Babies suffering from an ear infection may pull or rub their ears, cry when sucking or have trouble sleeping (lying down increases pressure on the eardrum). They also may run a fever.
If you suspect an ear infection, wait three days or so before calling your pediatrician, as some cases go away fairly quickly without medication, says Jay Gordon, M.D., a pediatrician in Santa Monica, Calif., and the author of Listening to Your Baby (Perigee, 2002). If your baby does need treatment, a 10-day course of antibiotics is standard.
You can ease your baby's discomfort with a pain reliever such as acetaminophen or ibuprofen (the latter only for babies older than 6 months). Never give aspirin, even baby aspirin, to a child: It has been associated with Reye's syndrome, a serious disease that affects the liver and brain.
Help relieve ear pressure by feeding your baby in a more upright position and keeping his head elevated when he's sleeping by placing a book or pillow beneath one end of his mattress.
It's extremely rare for a fever to do any harm. In fact, it can be a good thing. "Fever generally is not bad because it helps the body fight off infection," Mahle says. If your baby feels hot, first check to see that he isn't overbundled. If he isn't and you suspect he is running a fever, take his temperature. For an infant under 2 months of age, any rectal temperature over 100°F warrants a call to the pediatrician.
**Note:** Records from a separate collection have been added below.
Lemma eqv_closure_translation (f : A -> A) : (forall x y, S x y -> S (f x) (f y)) ->
  forall x y, eqv_closure x y -> eqv_closure (f x) (f y).
Proof.
move=> fS; apply: eqv_closure_min => [x|x y|x y z|x y /fS Sxy].
- exact: connect0.
- by rewrite eqv_closure_sym.
- exact: connect_trans.
- by apply: connect1; rewrite /= asboolT.
Qed.

Hypotheses (S_refl : forall x, S x x) (S_compat : compatible S).

Lemma eqv_closure_congruence : congruence eqv_closure.
Proof.
have refl : reflexive eqv_closure by move=> x; apply: connect0.
have trans : transitive eqv_closure by move=> y x z; apply: connect_trans.
split=> //; first exact: eqv_closure_sym.
apply: (@compatible_of_translations _ eqv_closure) => // s a j x y.
apply: (@eqv_closure_translation (fun z => op (upd a j z))) => u v Suv.
by apply: S_compat => i; rewrite /upd; case: eqP.
Qed.

End EquivalenceClosure.

(* In a simple algebra the congruence generated by a reflexive compatible
   relation [S] is trivial or total. *)
Lemma simple_compatible_dichotomy (A : algebra) (S P : A -> A -> Prop) : simple A ->
  (forall x, S x x) -> compatible S ->
  (forall x, P x x) -> (forall x y, P x y -> P y x) ->
  (forall x y z, P x y -> P y z -> P x z) -> (forall x y, S x y -> P x y) ->
  (forall x y, S x y -> x = y) \/ (forall x y, P x y).
Proof.
move=> [_ A_simple] S_refl S_compat P_refl P_sym P_trans SP.
case: (A_simple _ (eqv_closure_congruence S_refl S_compat)) => [triv|total]; [left|right].
  by move=> x y Sxy; apply: triv; apply: connect1; rewrite /= asboolT.
by move=> x y; apply: (eqv_closure_min P_refl P_sym P_trans SP); apply: total.
Qed.

Section Localization.
Variables (A : algebra) (e : uterm A).

Definition loc_proj (x : A) : loc_carrier e := exist _ (tfun e x) (loc_mem e x).

Lemma loc_proj_val : idem_fun (tfun e) -> forall u : loc_carrier e, loc_proj (val u) = u.
Proof.
move=> e_idem [x xe]; apply: val_inj => /=.
by case/imsetP: (xe) => y _ ->; apply: e_idem.
Qed.

Fixpoint lift (t : uterm (localization e)) : uterm A :=
  match t with
  | Var _ => e
  | App s args => ucomp e (subst (projT2 s) (fun i => lift (args i)))
  end.

Lemma tfun_lift t x : tfun (lift t) x = val (tfun t (loc_proj x)).
Proof.
elim: t => [//|[n t0] args IH] /=.
rewrite tfun_ucomp /tfun eval_subst; congr (tfun e (eval _ t0)).
by apply: funext => i; apply: IH.
Qed.

Definition loc_symb_of (I : finType) (t : term (@arity A) I) : loc_symb A :=
  existT _ #|I| (subst t (fun i => Var _ (enum_rank i))).

Lemma op_loc_symb_of (I : finType) (env : I -> loc_carrier e) (t : term (@arity A) I) :
  @op (localization e) (loc_symb_of t) (fun k => env (enum_val k))
  = loc_proj (eval (fun i => val (env i)) t).
Proof.
apply: val_inj; rewrite /= eval_subst; congr (tfun e (eval _ t)).
by apply: funext => i /=; rewrite enum_rankK.
Qed.

End Localization.

Section MinimalIdempotent.
Variables (A : algebra) (e : uterm A).
Hypotheses (A_ss : strictly_simple A) (e_min : minimal_idempotent e).

Let e_nonconst : nonconstant (tfun e). Proof. by case: e_min. Qed.
Let e_idem : idem_fun (tfun e). Proof. by case: e_min. Qed.

Lemma minimal_idempotent_dense : dense e.
Proof.
move=> B B_sub /subsetP eB; have [x [y exy]] := e_nonconst.
by apply: (strictly_simple_subalgebraT A_ss B_sub _ _ exy); apply: eB; apply: imset_f.
Qed.

Lemma term_pairs_refl_of_range V (env1 env2 : V -> A) :
  frange (tfun e) \subset common_values env1 env2 -> forall x, term_pairs env1 env2 x x.
Proof.
move=> /(minimal_idempotent_dense common_values_subalgebra) CT x.
by apply/common_valuesP; rewrite CT inE.
Qed.

Lemma eq_of_generator_indistinguishable (a b : A) :
  (forall g, tfun e (tfun g a) = tfun e (tfun g b)) ->
  (forall x, exists g : uterm A, tfun g a = x) -> a = b.
Proof.
move=> ab_eq a_gen; pose S := term_pairs (fun _ : unit => a) (fun=> b).
have S_refl : forall x, S x x.
  apply: term_pairs_refl_of_range; apply/subsetP => _ /imsetP [y _ ->].
  have [g <-] := a_gen y; apply/common_valuesP; exists (ucomp e g).
  by split; [|rewrite ab_eq]; apply: tfun_ucomp.
have S_e x y : S x y -> tfun e x = tfun e y by case=> t [<- <-]; apply: ab_eq.
have [S_diag|e_const] := simple_compatible_dichotomy A_ss.1 S_refl
  (@term_pairs_compatible _ _ _ _) (fun=> erefl) (fun _ _ => esym)
  (fun _ _ _ => @etrans _ _ _ _) S_e.
  exact/S_diag/term_pairs_var.
by have [x [y]] := e_nonconst; rewrite (e_const x y) eqxx.
Qed.

Lemma minimal_idempotent_separates : separates e.
Proof.
move=> a b /eqP neq_ab; apply: contrapT => no_sep; apply: neq_ab.
have ab_eq g : tfun e (tfun g a) = tfun e (tfun g b).
  by apply: contrapT => ne; apply: no_sep; exists g; apply/eqP.
case: (unary_generator_or_fixed a A_ss) => [a_gen|a_fix].
  exact: eq_of_generator_indistinguishable.
case: (unary_generator_or_fixed b A_ss) => [b_gen|b_fix].
  by apply/esym/eq_of_generator_indistinguishable => // g; rewrite ab_eq.
by rewrite -(a_fix e) -(b_fix e); apply: (ab_eq (Var _ tt)).
Qed.

Lemma localization_two_points : exists u v : loc_carrier e, u != v.
Proof.
have [x [y exy]] := e_nonconst; exists (loc_proj e x), (loc_proj e y).
by apply: contraNneq exy => /(congr1 val) /= ->.
Qed.

Lemma localization_term_minimal : term_minimal (localization e).
Proof.
have range_id : frange (tfun (Var (@arity (localization e)) tt)) = setT.
  by apply/setP => w; rewrite inE; apply: imset_f.
split=> // [|t [u [v t_uv]] t_idem _].
  by have [u [v uv]] := localization_two_points; exists u, v.
rewrite range_id; apply/setP => w; rewrite inE.
have lift_nonconst : nonconstant (tfun (lift t)).
  by exists (val u), (val v); rewrite !tfun_lift !loc_proj_val.
have lift_idem : idem_fun (tfun (lift t)).
  by move=> x; rewrite !tfun_lift loc_proj_val // t_idem.
have lift_range : frange (tfun (lift t)) \subset frange (tfun e).
  by apply/subsetP => _ /imsetP [x _ ->]; rewrite tfun_lift; apply: valP.
have [_ _ e_minimal] := e_min.
have /imsetP [x _ wx] : val w \in frange (tfun (lift t)).
  by rewrite (e_minimal _ lift_nonconst lift_idem lift_range) (valP w).
by apply/imsetP; exists (loc_proj e x) => //; apply: val_inj; rewrite -tfun_lift.
Qed.

Lemma localization_simple : simple (localization e).
Proof.
split.
  have [u [v uv]] := localization_two_points.
  by have := max_card [set u; v]; rewrite cards2 uv.
move=> R [R_refl R_sym R_trans R_compat].
case: (pselect (exists u v, R u v /\ u != v)) => [[u [v [Ruv uv]]]|R_triv]; last first.
  by left=> x y Rxy; apply: contrapT => /eqP xy; apply: R_triv; exists x, y.
right; pose env1 o := val (odflt u o); pose env2 o := val (odflt v o).
have S_refl : forall x, term_pairs env1 env2 x x.
  apply: term_pairs_refl_of_range; apply/subsetP => x ex; apply/common_valuesP.
  by exists (Var _ (Some (exist _ x ex))).
have S_R x y : term_pairs env1 env2 x y -> R (loc_proj e x) (loc_proj e y).
  case=> t [<- <-]; rewrite -!op_loc_symb_of; apply: R_compat => k.
  by case: (enum_val k).
have P_sym x y : R (loc_proj e x) (loc_proj e y) -> R (loc_proj e y) (loc_proj e x).
  by rewrite R_sym.
have [S_diag|P_total] := simple_compatible_dichotomy A_ss.1 S_refl
  (@term_pairs_compatible _ _ _ _) (fun x => R_refl (loc_proj e x)) P_sym
  (fun x y z => @R_trans (loc_proj e y) (loc_proj e x) (loc_proj e z)) S_R.
  have uv_val : val u = val v := S_diag _ _ (term_pairs_var env1 env2 None).
  by rewrite -val_eqE uv_val eqxx in uv.
by move=> x y; rewrite -(loc_proj_val e_idem x) -(loc_proj_val e_idem y); apply: P_total.
Qed.

Lemma localization_subalgebra_small (B : {set localization e}) :
  subalgebra B -> B != setT -> #|B| <= 1.
Proof.
move=> B_sub; apply: contraNleq => /card_gt1P [b1 [b2 [b1B b2B b12]]]; apply/eqP.
pose env (w : {w | w \in B}) := val (val w); pose G := common_values env env.
have inG w (wB : w \in B) : val w \in G by apply/common_valuesP; exists (Var _ (exist _ w wB)).
have GT : G = setT.
  by apply: strictly_simple_subalgebraT A_ss common_values_subalgebra
    (inG _ b1B) (inG _ b2B) _; rewrite val_eqE.
apply/setP => w; rewrite inE.
have /common_valuesP [t [tw _]] : val w \in G by rewrite GT inE.
have := B_sub (loc_symb_of t) (fun k => val (enum_val k)) (fun k => valP (enum_val k)).
by rewrite op_loc_symb_of tw loc_proj_val.
Qed.

End MinimalIdempotent.

Theorem mainTheorem6 (A : algebra) (e : uterm A) :
  strictly_simple A -> minimal_idempotent e ->
  [/\ separates e, dense e,
      term_minimal (localization e) & strictly_simple (localization e)].
Proof.
move=> A_ss e_min; split.
- exact: minimal_idempotent_separates.
- exact: minimal_idempotent_dense.
- exact: localization_term_minimal.
- split; [exact: localization_simple | exact: localization_subalgebra_small].
Qed.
In older babies, a fever of 103°F or higher deserves a call, according to Marc Wager, M.D., a pediatrician in New Rochelle, N.Y. Also call the pediatrician if your baby is fussy and crying inconsolably, or is sluggish and just not himself.
To help keep your baby comfortable, ask your doctor about giving him a pain reliever such as acetaminophen or, for babies older than 6 months, ibuprofen. You also can place tepid washcloths on your baby's forehead and body to help cool him.
Some parents also worry about seizures caused by fever, but less than 2 percent of children experience them. While frightening to witness, febrile seizures are completely benign, with no lasting effects.
The yellowish skin color of jaundice is caused by an excess of a chemical called bilirubin in the baby's blood. Bilirubin is normally processed by the liver, but immature livers of newborn babies can fall behind on this task.
Approximately 15 to 20 percent of babies develop jaundice by their third day. In most cases, it disappears within about a week. When needed, treatment usually involves placing the baby under an ultraviolet light (available for home use).
Respiratory syncytial virus may have all the symptoms of a cold in the beginning, but it can progress to a much more serious illness: a lung infection characterized by rapid breathing and wheezing, and sometimes coughing and choking. It's especially hard on premature babies, infants under 4 months of age, and those who have asthma or a lung disease. "RSV can be very serious," Mahle says. "If your infant develops wheezing or you see him working harder to breathe, consult your pediatrician at once."
Since it is a virus, RSV does not respond to antibiotics. Instead, a baby with RSV will be treated with anti-wheezing drugs delivered either through an inhaler or intravenously. In some cases, a baby with RSV will need to be hospitalized.